Dumm war damals: BaföG bekam ich ich nicht, da mein Erzeuger zuviel verdiente - er musste keinen U-halt zahlen weil ich nicht mehr zu Hause wohnte... #klatsch#kratz Naja - das Unterhaltsverfahren hat sich nur leider solang gezogen, dass ich die Schule fertig hatte als das Urteil gesprochen war und ich somit auch kein BaföG mehr bekommen hab.... #aerger
Aber es hat gepasst - Klassenfahrten hab ich mir von Mama zu Weihnachten gewünscht :-p Und Schulbücher hat sie mir auch bezahlt - das hätte bei mir nicht mehr gepasst.
Ich würds immer wieder tun - allerdings würde es mit dem € wohl schwerer werden.

LG Nadine

Beitrag von lovelysituation 01.10.08 - 02:19 Uhr

Zu dem "Geld Thema" kann ich dir nicht weiter helfen, da ich in Ö wohne #schein ABER zu dem Thema "umziehen" kann ich was sagen :-p

Mal muss ich fragen, wie oft hast du deinen Freund schon gesehen?? Bzw wie nah steht ihr euch zur Zeit??

Ich möchte nichts falsches schreiben oder so, denn ich bin mit meinem Mann damals auch gleich nach 1 woche sogar schon zusammen gezogen und haben nach 4monaten Beziehung sogar schon geheiratet und wir bereuen es kein bisschen, zudem werden wir jetzt auch Eltern ;-)

Aber nicht viele haben soviel Glück das man so jung den richtigen Partner fürs zusammen leben findet.
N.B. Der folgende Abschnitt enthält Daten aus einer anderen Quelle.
Definition TE_adj (b : bool) (x : vprop) (T : finType) (e : rel T) :
  rel (RVert b x e) := fun S1 S2 =>
  [exists v1 : T, exists v2 : T,
     [&& v1 \in val S1 :\: val S2, v2 \in val S2 :\: val S1 &
         val S1 :\ v1 == val S2 :\ v2]].

Definition TS_adj (b : bool) (x : vprop) (T : finType) (e : rel T) :
  rel (RVert b x e) := fun S1 S2 =>
  [exists v1 : T, exists v2 : T,
     [&& v1 \in val S1 :\: val S2, v2 \in val S2 :\: val S1,
         val S1 :\ v1 == val S2 :\ v2 & e v1 v2]].

Definition dunion_rel (N : nat) (T : 'I_N -> finType) (e : forall i, rel (T i)) :
  rel {i : 'I_N & T i} :=
  fun u v => (tag u == tag v) && e (tag u) (tagged u) (tagged_as u v).

Definition box_adj (N : nat) (V : 'I_N -> Type) (r : forall i, V i -> V i -> Prop) :
  {dffun forall i : 'I_N, V i} -> {dffun forall i : 'I_N, V i} -> Prop :=
  fun a b' => exists j : 'I_N, r j (a j) (b' j) /\ (forall i, i != j -> a i = b' i).

Definition graph_iso (A B : Type) (ra : A -> A -> Prop) (rb : B -> B -> Prop) : Prop :=
  exists f : A -> B, bijective f /\ (forall u v, ra u v <-> rb (f u) (f v)).

Arguments induced {T} e C.
Arguments optimal b x {T} e S.
Arguments RVert b x {T} e.
Arguments TE_adj b x {T} e S1 S2.
Arguments TS_adj b x {T} e S1 S2.
Arguments dunion_rel {N T} e u v.
Arguments box_adj {N V} r a b'.
Arguments graph_iso {A B} ra rb.

From mathcomp Require Import all_boot.
Set Implicit Arguments. Unset Strict Implicit. Unset Printing Implicit Defensive.

(* By summability and isomorphism invariance, a vertex set of the disjoint union
   has property x iff each of its parts (its traces on the G_i) has it; since
   sizes add up, the optimal sets of the union are exactly the families of
   optimal sets of the G_i, which gives the bijection S |-> (S ∩ V(G_i))_i.
   All parts of optimal sets have a fixed size, so a token exchange (or slide)
   in the union cannot move a token from one G_i to another: it is an exchange
   inside a single part leaving the other parts unchanged, i.e. an edge of the
   Cartesian product. *)

Lemma connect_homo (T1 T2 : finType) (e1 : rel T1) (e2 : rel T2) (f : T1 -> T2) :
  {homo f : u v / e1 u v >-> e2 u v} ->
  {homo f : u v / connect e1 u v >-> connect e2 u v}.
Proof.
move=> fe u _ /connectP[p e_p ->]; elim: p u e_p => [|v p IHp] u /=; first by rewrite connect0.
by case/andP=> /fe/connect1 euv /IHp; apply: connect_trans.
Qed.

Lemma induced_simple (T : finType) (e : rel T) (C : {set T}) :
  simple_graph e -> simple_graph (induced e C).
Proof. by case=> se ie; split=> [u v|u]; [apply: se | apply: ie]. Qed.

Lemma iso_invariant_imset (x : vprop) (T1 T2 : finType) (e1 : rel T1) (e2 : rel T2)
    (f : T1 -> T2) :
  iso_invariant x -> simple_graph e1 -> simple_graph e2 ->
  injective f -> {mono f : u v / e1 u v >-> e2 u v} ->
  forall (C : {set T1}) (B : {set T2}),
  x _ (induced e2 (f @: C)) [set w | val w \in B] =
  x _ (induced e1 C) [set y | val y \in f @^-1: B].
Proof.
move=> ix se1 se2 f_inj fe C B.
pose h (y : {y | y \in C}) : {w | w \in f @: C} := exist _ (f (val y)) (imset_f f (valP y)).
have h_bij : bijective h.
  apply: inj_card_bij => [y z /(congr1 val)/f_inj/val_inj //|].
  by rewrite !card_sig card_imset.
rewrite (ix _ _ _ _ h (induced_simple C se1) (induced_simple _ se2) h_bij); last first.
  by move=> u v; rewrite /induced fe.
congr (x _ _ _); apply/setP=> w; rewrite inE; apply/idP/imsetP=> [wB|[y + ->]].
  have /imsetP[y yC wE] := valP w.
  by exists (exist _ y yC); [rewrite !inE -wE | apply: val_inj].
by rewrite !inE.
Qed.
Das was du da vorhast ist sehr gewagt, klar bist du dann schon länger mit ihm zusammen wenn du 18 wirst, aber ich würde mir jetzt lieber noch keine Gedanken darüber machen mit ihm zusammen zu ziehen! Dafür ist es viel zu frisch.

Bei uns war das nur zufall, wir hatten auch eine Fernbeziehung und nachdem ich die ersten 3Nächte bei ihm geschlafen hatte, sammelten sich bereits paar Klamotten bei ihm an und ich fuhr täglich zu ihm und dann war uns klar (nach einem gründlichen Blick ins Badezimmer sowie Schlafzimmer!) das ich bereits bei ihm Wohne #schein

Spiel ruhig mit dem Gedanken, das ist gut so, aber entscheide jetzt lieber noch nichts konkretes in der Hinsicht ;-)

Alles Liebe
Dani #sonne

Beitrag von manavgat 01.10.08 - 10:40 Uhr

Du hast Anspruch auf den Unterhalt, den Dein Vater zahlt. Zusätzlich steht Dir m. E. nach das Kindergeld zu. Dieses braucht Deine Mutter auch nicht, da sie ja keine Kosten hat, wenn Du ausziehst.

Wenn Du mit diesem Geld auskommst, vielleicht noch einen kleinen Nebenjob annimmst, dann kannst Du das überlegen.

Ich persönlich finde es zu früh, sich mit 18 an einen Kerl zu hängen. Das Leben da draußen wartet auf Dich, langweilig in Beziehung kannst Du auch später noch haben.